The problem - From the records that follow, copy every line that contains the word "Section".

Source material -
Content starts

(* Suppose $f \in \mathbb{C}[x_1,\dots,x_n]_d$ has a local border decomposition with $r$ summands based at $[\ell]$, where $\ell\in\mathbb{C}[x_1,\dots,x_n]_1$ is nonzero. If $d \ge r-1$, then $f = \ell^{d-r+1} g$ for some homogeneous polynomial $g$ of degree $r-1$.
   Context: Let $\mathbb{C}(\epsilon)[\boldsymbol{x}]_1$ be the set of linear forms in $x_1,\dots,x_n$ with coefficients rational functions of $\epsilon$. A nonzero $\ell(\epsilon)\in\mathbb{C}(\epsilon)[\boldsymbol{x}]_1$ can be expanded as a Laurent series $\ell(\epsilon)=\sum_{i\ge q}\epsilon^i \ell_i$ with $\ell_i\in\mathbb{C}[\boldsymbol{x}]_1$, $\ell_q\neq 0$; its projective limit is $\lim_{\epsilon\to0}[\ell(\epsilon)] := [\ell_q]$. A local border decomposition of $f$ with $r$ summands based at $[\ell]$ is an expression $f=\lim_{\epsilon\to0}\sum_{k=1}^r \ell_k^d$ (limit taken coefficientwise) with $\ell_k\in\mathbb{C}(\epsilon)[\boldsymbol{x}]_1$ and $\lim_{\epsilon\to0}[\ell_k(\epsilon)]=[\ell]$ for all $k$. *)

From HB Require Import structures.
From mathcomp Require Import all_boot all_algebra.
From mathcomp Require Import fraction complex.
From mathcomp Require Import Rstruct.
From mathcomp Require Import mpoly.
Set Implicit Arguments. Unset Strict Implicit. Unset Printing Implicit Defensive.
Import GRing.Theory.
Local Open Scope ring_scope.

Definition CC : numClosedFieldType := (Rdefinitions.R)[i].

Definition Ceps : fieldType := {fraction {poly CC}}.

Definition eps : Ceps := @FracField.tofrac {poly CC} 'X.

Definition fr (p : {poly CC}) : Ceps := @FracField.tofrac {poly CC} p.

Definition linform (R : comNzRingType) (n : nat) (v : 'I_n -> R) : {mpoly R[n]} :=
  \sum_(i < n) v i *: 'X_i.

(* lim_{eps -> 0} r = c for r in C(eps): the Laurent expansion of r has
   only nonnegative powers of eps and constant term c; equivalently
   r = a/b with a, b in C[eps], b(0) <> 0, and c = a(0)/b(0). *)
Definition lim0 (r : Ceps) (c : CC) : Prop :=
  exists a b : {poly CC},
    b.[0] != 0 /\ r = fr a / fr b /\ c = a.[0] / b.[0].
(** * Data of a local category (the operations used by the definitions of
    total objects, local terminal objects and local products) *)
Record LocalData := {
  LOb : Type;
  LHm : LOb -> LOb -> Type;
  lid : forall M, LHm M M;
  lcomp : forall M N P, LHm M N -> LHm N P -> LHm M P;  (* diagrammatic *)
  Lo : LOb -> LOb;
  eta : forall M, LHm M (Lo M)
}.
Arguments LHm : clear implicits.
Arguments lid {C} M : rename.
Arguments lcomp {C M N P} f g : rename.
Arguments Lo {C} M : rename.
Arguments eta {C} M : rename.

Section Local.
Variable C : LocalData.

Definition is_terminal (T : LOb C) : Prop :=
  forall M : LOb C, exists t : LHm C M T, forall t' : LHm C M T, t' = t.

Definition is_product (M N P : LOb C) (p1 : LHm C P M) (p2 : LHm C P N) : Prop :=
  forall (Z : LOb C) (f : LHm C Z M) (g : LHm C Z N),
    exists h : LHm C Z P,
      lcomp h p1 = f /\ lcomp h p2 = g /\
      forall h' : LHm C Z P, lcomp h' p1 = f -> lcomp h' p2 = g -> h' = h.

Definition total_obj (M : LOb C) : Prop :=
  exists e : Lo M = M, eq_rect (Lo M) (fun Y => LHm C M Y) (eta M) M e = lid M.

Definition is_local_terminal (T : LOb C) : Prop :=
  total_obj T /\ is_terminal T.

(** P with projections p1,p2 is a local product of M and N: it is a product,
    L P carries a product LM x LN (with projections q1,q2), and
    eta_P = eta_M x eta_N, i.e. eta_P;q1 = p1;eta_M and eta_P;q2 = p2;eta_N. *)
Definition is_local_product (M N P : LOb C) (p1 : LHm C P M) (p2 : LHm C P N) : Prop :=
  is_product p1 p2 /\
  exists (q1 : LHm C (Lo P) (Lo M)) (q2 : LHm C (Lo P) (Lo N)),
    is_product q1 q2 /\
    lcomp (eta P) q1 = lcomp p1 (eta M) /\
    lcomp (eta P) q2 = lcomp p2 (eta N).

End Local.

Definition LX (X : RestrictionCategory) : LocalData :=
  {| LOb := LObj X; LHm := @LHom X; lid := @LId X; lcomp := @LComp X;
     Lo := @LL X; eta := @Leta X |}.

From Stdlib Require Import ProofIrrelevance ClassicalEpsilon.

(* An object (A, a) of L[X] is total exactly when a = 1, so the total objects
   of L[X] are the objects of X and the maps between them are the total maps.
   If T is restriction terminal, a map (A, a) -> (T, 1) is forced to be a;!,
   since every f : A -> T equals rst f;!.  Conversely the naturality
   f;! = rst f;! is the uniqueness of maps (A, rst f) -> (T, 1).
   A restriction product P of A and B gives the product
   (P, rst(pA;a) rst(pB;b)) of (A, a) and (B, b), whose image under L is the
   product (P, 1) of (A, 1) and (B, 1); conversely, the pairing of
   f : C -> A and g : C -> B is the product pairing tested at (C, rst f rst g). *)

Lemma terminal_hom_unique {C : LocalData} {T : LOb C} (HT : is_terminal T)
  {M : LOb C} (f g : LHm C M T) : f = g.
Proof. destruct (HT M) as [t Ht]. rewrite (Ht f), (Ht g). reflexivity. Qed.

Section RestrictionToLocal.
Context {X : RestrictionCategory}.

Lemma rst_rst {A B : Obj X} (f : Hom X A B) : rst (rst f) = rst f.
Proof.
  pose proof (R3 (idm A) f) as H. rewrite rst_idm, !comp_id_r in H.
  symmetry; exact H.
Qed.

Lemma rst_comp_self {A B : Obj X} (f : Hom X A B) : comp (rst f) (rst f) = rst f.
Proof. pose proof (R1 (rst f)) as H. rewrite rst_rst in H. exact H. Qed.

Lemma rst_comp_total {A B C : Obj X} (f : Hom X A B) (g : Hom X B C) :
  total g -> rst (comp f g) = rst f.
Proof.
  intro Hg.
  assert (E : comp (rst (comp f g)) f = f) by (rewrite <- R4, Hg; apply comp_id_r).
  rewrite <- (rst_comp_rst f g), R3, E. reflexivity.
Qed.

Lemma rst_comp_idem_r {A B : Obj X} (f : Hom X A B) {a : Hom X B B} :
  rst a = a -> comp (rst (comp f a)) f = comp f a.
Proof. intro Ha. rewrite <- R4, Ha. reflexivity. Qed.

Lemma comp_rst_comp_r {C A B : Obj X} {h : Hom X C A} {f : Hom X A B} {a : Hom X B B} :
  comp (comp h f) a = comp h f -> comp h (rst (comp f a)) = comp h (rst f).
Proof. intro H. rewrite !R4, <- comp_assoc, H. reflexivity. Qed.

Lemma LHom_eq {M N : LObj X} (f g : LHom M N) : lmor f = lmor g -> f = g.
Proof.
  destruct f as [f rf pf], g as [g rg pg]; simpl; intro E; subst g.
  f_equal; apply proof_irrelevance.
Qed.

Definition Ltot (A : Obj X) : LObj X := Build_LObj (rst_idm A).

Definition Lrst {A B : Obj X} (f : Hom X A B) : LObj X := Build_LObj (rst_rst f).

Definition LHom_into_total (M : LObj X) {B : Obj X} {f : Hom X (lcar M) B}
  (rf : rst f = lidem M) : LHom M (Ltot B) :=
  Build_LHom (N := Ltot B) rf (comp_id_r f).

Lemma total_obj_Ltot (A : Obj X) : @total_obj (LX X) (Ltot A).
Proof. exists eq_refl. apply LHom_eq. reflexivity. Qed.

Lemma total_obj_eq_Ltot (M : LObj X) : @total_obj (LX X) M -> M = Ltot (lcar M).
Proof.
  intros [e _]. change (LL M = M) in e.
  assert (Hid : lidem (LL M) = idm (lcar (LL M))) by reflexivity.
  rewrite e in Hid.
  destruct M as [A a ha]; simpl in Hid; subst a.
  unfold Ltot; f_equal; apply proof_irrelevance.
Qed.

Lemma restriction_terminal_Ltot (T : Obj X) :
  is_restriction_terminal T -> @is_terminal (LX X) (Ltot T).
Proof.
  intros [bang [bang_total [bang_unique bang_natural]]].
  assert (factor : forall A (f : Hom X A T), f = comp (rst f) (bang A)).
  { intros A f.
    rewrite <- bang_natural, <- (bang_unique T (idm T) (rst_idm T)).
    symmetry; apply comp_id_r. }
  intro M.
  assert (rt : rst (comp (lidem M) (bang (lcar M))) = lidem M)
    by (rewrite rst_comp_total by apply bang_total; apply lidem_rst).
  exists (LHom_into_total M rt). intro t. apply LHom_eq. simpl.
  rewrite (factor _ (lmor t)). f_equal. exact (lmor_rst t).
Qed.

Lemma Ltot_terminal_restriction_terminal (T : Obj X) :
  @is_terminal (LX X) (Ltot T) -> is_restriction_terminal T.
Proof.
  intro HT.
  pose (t A := proj1_sig (constructive_indefinite_description _ (HT (Ltot A)))).
  pose (bang := (fun A => lmor (t A)) : forall A, Hom X A T).
  assert (bang_total : forall A, total (bang A)) by (intro A; exact (lmor_rst (t A))).
  exists bang. split; [exact bang_total | split].
  - intros A h Hh.
    exact (f_equal (@lmor _ _ _) (terminal_hom_unique HT (LHom_into_total (Ltot A) Hh) _)).
  - intros A B f.
    assert (r1 : rst (comp f (bang B)) = lidem (Lrst f))
      by (apply rst_comp_total, bang_total).
    assert (r2 : rst (comp (rst f) (bang A)) = lidem (Lrst f))
      by (rewrite rst_comp_total by apply bang_total; apply rst_rst).
    exact (f_equal (@lmor _ _ _)
             (terminal_hom_unique HT (LHom_into_total (Lrst f) r1)
                                       (LHom_into_total (Lrst f) r2))).
Qed.

Section LProduct.
Context {M N : LObj X} {P : Obj X} {pA : Hom X P (lcar M)} {pB : Hom X P (lcar N)}.
Hypothesis HP : is_restriction_product pA pB.
(* The idempotent is a parameter, not a definition, so that the construction
   also covers L of the product: for (A, 1) and (B, 1) it is 1 only up to
   the totality of the projections. *)
Context {p : Hom X P P} (hp : rst p = p).
Hypothesis Hp : p = comp (rst (comp pA (lidem M))) (rst (comp pB (lidem N))).

Lemma Lprod_idem_absorb1 : comp p (rst (comp pA (lidem M))) = p.
Proof.
  rewrite Hp, comp_assoc, (R2 (comp pB (lidem N)) (comp pA (lidem M))),
    <- comp_assoc, rst_comp_self.
  reflexivity.
Qed.

Lemma Lprod_idem_absorb2 : comp p (rst (comp pB (lidem N))) = p.
Proof. rewrite Hp, comp_assoc, rst_comp_self. reflexivity. Qed.

Lemma Lproj1_rst : rst (comp p pA) = p.
Proof. rewrite rst_comp_total; [exact hp | exact (proj1 HP)]. Qed.

Lemma Lproj2_rst : rst (comp p pB) = p.
Proof. rewrite rst_comp_total; [exact hp | exact (proj1 (proj2 HP))]. Qed.

Lemma Lproj1_post : comp (comp p pA) (lidem M) = comp p pA.
Proof.
  rewrite comp_assoc, <- (rst_comp_idem_r pA (lidem_rst M)), <- comp_assoc,
    Lprod_idem_absorb1.
  reflexivity.
Qed.

Lemma Lproj2_post : comp (comp p pB) (lidem N) = comp p pB.
Proof.
  rewrite comp_assoc, <- (rst_comp_idem_r pB (lidem_rst N)), <- comp_assoc,
    Lprod_idem_absorb2.
  reflexivity.
Qed.

Definition Lprod : LObj X := Build_LObj hp.
Definition Lproj1 : LHom Lprod M := Build_LHom (M := Lprod) Lproj1_rst Lproj1_post.
Definition Lproj2 : LHom Lprod N := Build_LHom (M := Lprod) Lproj2_rst Lproj2_post.

Lemma Lprod_idem_fixes_pairing {C : Obj X} (h : Hom X C P) :
  comp (comp h pA) (lidem M) = comp h pA ->
  comp (comp h pB) (lidem N) = comp h pB ->
  comp h p = h.
Proof.
  intros Ha Hb. destruct HP as [tA [tB _]].
  rewrite Hp, <- comp_assoc, (comp_rst_comp_r Ha), tA, comp_id_r,
    (comp_rst_comp_r Hb), tB, comp_id_r.
  reflexivity.
Qed.

Lemma Lproj_is_product : @is_product (LX X) M N Lprod Lproj1 Lproj2.
Proof.
  destruct HP as [tA [tB pairing]].
  intros Z f g.
  pose proof (lmor_rst f) as rf. pose proof (lmor_rst g) as rg.
  destruct (pairing (lcar Z) (lmor f) (lmor g)) as [h [h1 [h2 h_unique]]].
  assert (Ef : comp (rst (lmor g)) (lmor f) = lmor f) by (rewrite rg, <- rf; apply R1).
  assert (Eg : comp (rst (lmor f)) (lmor g) = lmor g) by (rewrite rf, <- rg; apply R1).
  rewrite Ef in h1, h_unique. rewrite Eg in h2, h_unique.
  assert (rh : rst h = lidem Z) by (rewrite <- (rst_comp_total h pA tA), h1; exact rf).
  assert (hp0 : comp h p = h).
  { apply Lprod_idem_fixes_pairing.
    - rewrite h1. exact (lmor_post f).
    - rewrite h2. exact (lmor_post g). }
  exists (Build_LHom (N := Lprod) rh hp0).
  split; [|split].
  - apply LHom_eq. simpl. rewrite <- comp_assoc, hp0. exact h1.
  - apply LHom_eq. simpl. rewrite <- comp_assoc, hp0. exact h2.
  - intros h' e1 e2. apply LHom_eq. simpl.
    apply (f_equal (@lmor _ _ _)) in e1, e2. simpl in e1, e2.
    pose proof (lmor_post h') as post. simpl in post.
    rewrite <- comp_assoc, post in e1, e2.
    exact (h_unique _ e1 e2).
Qed.

End LProduct.
Definition preimage_family {E B : Type} (f : E -> B) (Y : Defs.family B) : Defs.family E :=
  fun Z => exists D, Y D /\ Z = preimage f D.

Definition admissible_radii (R_ : nat -> R) : Prop :=
  (forall i, 0 < R_ i) /\ (forall i, R_ i < R_ (S i)).

Lemma sFDC_familyP {T : Type} (d : T -> T -> R) (X : Defs.family T) :
  sFDC_family d X <->
  forall R_, admissible_radii R_ ->
  exists n F, F 0%nat = X /\
    (forall i, (i < n)%nat -> r_decomposable d (R_ i) (F i) (F (S i))) /\
    uniformly_bounded d (F n).
Proof.
  split.
  - intros HX R_ [Hpos Hinc]. exact (HX R_ Hpos Hinc).
  - intros HX R_ Hpos Hinc. exact (HX R_ (conj Hpos Hinc)).
Qed.

Section IsometricCopies.

Variables (T : Type) (d : T -> T -> R).

Lemma r_disjoint_union_trace r Y Zi P (A' : T -> Prop) g :
  distance_preserving d g ->
  r_disjoint_union_over d r Y Zi P ->
  r_disjoint_union_over d r (isometric_copies d Y) (fun x => A' x /\ Zi (g x))
    (trace_along A' g P).
Proof.
  intros Hg [Hcover [Hpieces Hsep]]. split; [|split].
  - intros x; split.
    + intros [HA HZ]. apply Hcover in HZ. destruct HZ as [C [HC HCx]].
      exists (fun x => A' x /\ C (g x)). split; [exists C; auto | auto].
    + intros [B [[C [HC ->]] [HA HCx]]]. split; auto. apply Hcover. exists C; auto.
  - intros B [C [HC ->]]. exists C, g. repeat split; auto. intros x [_ H]; exact H.
  - intros B B' [C [HC ->]] [C' [HC' ->]] Hne.
    assert (HCC' : C <> C') by (intro; subst; apply Hne; reflexivity).
    destruct (Hsep C C' HC HC' HCC') as [s [Hs Hs']].
    exists s; split; auto. intros a b [_ Ha] [_ Hb]. rewrite <- Hg. auto.
Qed.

Content ends

Final answer -
Section Local.
Section RestrictionToLocal.
Section LProduct.
Section IsometricCopies.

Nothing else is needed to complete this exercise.